Good grief. With every passing day, I fear that I am turning into one of those hard-core cranks who hates everything. The world doth weird me out--I feel increasingly estranged from everything. Another recent "Steckenpferd" (hobby-horse) is the disgusting whiteboard we're all forced to use when teaching or delivering presentations and briefings. Utterly repulsive; the pens, without fail, give me a headache. Lots of colors, big whup. What the hell was wrong with chalk? It was cheap and came 12 to a box or so. If you broke a piece, it could still be used for a while, and if you lost one, there was usually extra to spare. Whiteboard markers are much more expensive, all the more so because they end up getting lost. They run out pretty quickly, too. And don't forget how easy it is to use the wrong type of marker accidentally, thereby defacing the writing surface permanently. And note how the priggish types who have run out and installed whiteboards (namely, educators and other PC-types) are the same self-righteous clowns who claim to care for the environment. None of them has bothered to stand up and notice that whiteboards and markers use far more oil-based materials and smelly chemicals. A perfect example of how something supposedly "new and improved" is neither, principally because it is a fly-and-sledgehammer use of technology.

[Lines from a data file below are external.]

(* Consider the linearized equation $\mathbf{M}\ddot{\mathbf{x}}+\mathbf{G}\mathbf{x}=\mathbf{B}u$, $\mathbf{x}=[\delta x;\mathbf{x}_q]\in\mathbb{R}^{2n+2}$, $u\in\mathbb{R}^2$, of the chain pendulum on a cart about the equilibrium specified by $s=(s_1,\dots,s_n)\in\{1,-1\}^n$ and $x=0$, with the matrices defined in the context. Suppose that $\mathbf{M}$ is positive-definite. Then this linearized system is controllable if and only if the subsystem \[ \mathbf{M}_{qq}\ddot{\mathbf{x}}_q+\mathbf{G}_{qq}\mathbf{x}_q=\mathbf{M}_{qx}\mathbf{u} \] with control input $\mathbf{u}\in\mathbb{R}^2$ is controllable, or equivalently, if and only if \[ \mathrm{rank}\big[\lambda^2\mathbf{M}_{qq}+\mathbf{G}_{qq},\ \mathbf{M}_{qx}\big]=2n\quad\text{for every }\lambda\in\mathbb{C}. \]
   Context: Let $n\ge1$, $e_1,e_2,e_3$ the standard basis of $\mathbb{R}^3$ ($e_3$ the direction of gravity), $g>0$, $C=[e_1,e_2]\in\mathbb{R}^{3\times2}$, and $\hat y$ the skew-symmetric matrix with $\hat yz=y\times z$. The system is a cart of mass $m>0$ with planar position $x\in\mathbb{R}^2$, driven by a horizontal force $u\in\mathbb{R}^2$, carrying a serial chain of $n$ links with spherical joints; link $i$ has length $l_i>0$, unit direction $q_i\in\mathsf{S}^2\subset\mathbb{R}^3$, and point mass $m_i>0$ at its outboard end. Define $M_{00}=m+\sum_{i=1}^n m_i$, $M_{0i}=\big(\sum_{a=i}^n m_a\big)l_iC^T\in\mathbb{R}^{2\times3}$, $M_{ij}=\big(\sum_{a=\max\{i,j\}}^n m_a\big)l_il_j$. An equilibrium is given by $q_i=s_ie_3$ with $s_i\in\{1,-1\}$, zero velocities, and $x=0$. Its linearization (with perturbations $x=\epsilon\delta x$, $q_i=\exp(\epsilon\hat\xi_i)s_ie_3$, $\xi_i\cdot e_3=0$, $\mathbf{x}_q=[C^T\xi_1;\dots;C^T\xi_n]\in\mathbb{R}^{2n}$) is $\mathbf{M}\ddot{\mathbf{x}}+\mathbf{G}\mathbf{x}=\mathbf{B}u$ with $\mathbf{M}=\begin{bmatrix}\mathbf{M}_{xx}&\mathbf{M}_{xq}\\\mathbf{M}_{qx}&\mathbf{M}_{qq}\end{bmatrix}$, $\mathbf{G}=\begin{bmatrix}0_2&0\\0&\mathbf{G}_{qq}\end{bmatrix}$, $\mathbf{B}=\begin{bmatrix}I_2\\0_{2n\times2}\end{bmatrix}$, where $\mathbf{M}_{xx}=M_{00}I_2$, $\mathbf{M}_{xq}=[-s_1M_{01}\hat e_3C,\dots,-s_nM_{0n}\hat e_3C]\in\mathbb{R}^{2\times2n}$, $\mathbf{M}_{qx}=\mathbf{M}_{xq}^T$, $\mathbf{M}_{qq}$ is the $2n\times2n$ block matrix with $(i,j)$ block $s_is_jM_{ij}I_2$, and $\mathbf{G}_{qq}=\mathrm{diag}\big[s_i\big(\sum_{a=i}^n m_a\big)g\,l_iI_2\big]_{i=1}^n$. Controllability refers to the standard notion for the linear system in first-order form with state $(\mathbf{x},\dot{\mathbf{x}})$. *)

From HB Require Import structures.
From mathcomp Require Import all_boot all_order all_algebra.
From mathcomp.real_closed Require Import complex.
Set Implicit Arguments. Unset Strict Implicit. Unset Printing Implicit Defensive.
Import Order.TTheory GRing.Theory Num.Theory.
Local Open Scope ring_scope.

By that I mean the compulsion to make something unnecessarily more complicated, when so doing offers only marginal improvement or gains in productivity. There is nothing a chalkboard can't do that a whiteboard can; the latter's sole attraction remains its novelty, while at the same time it has numerous downsides, as enumerated. I confess, for a number of reasons I do harbor something of an anti-technology bias, but when novelty does offer some concrete benefits I can adapt, at least grudingly, and move on.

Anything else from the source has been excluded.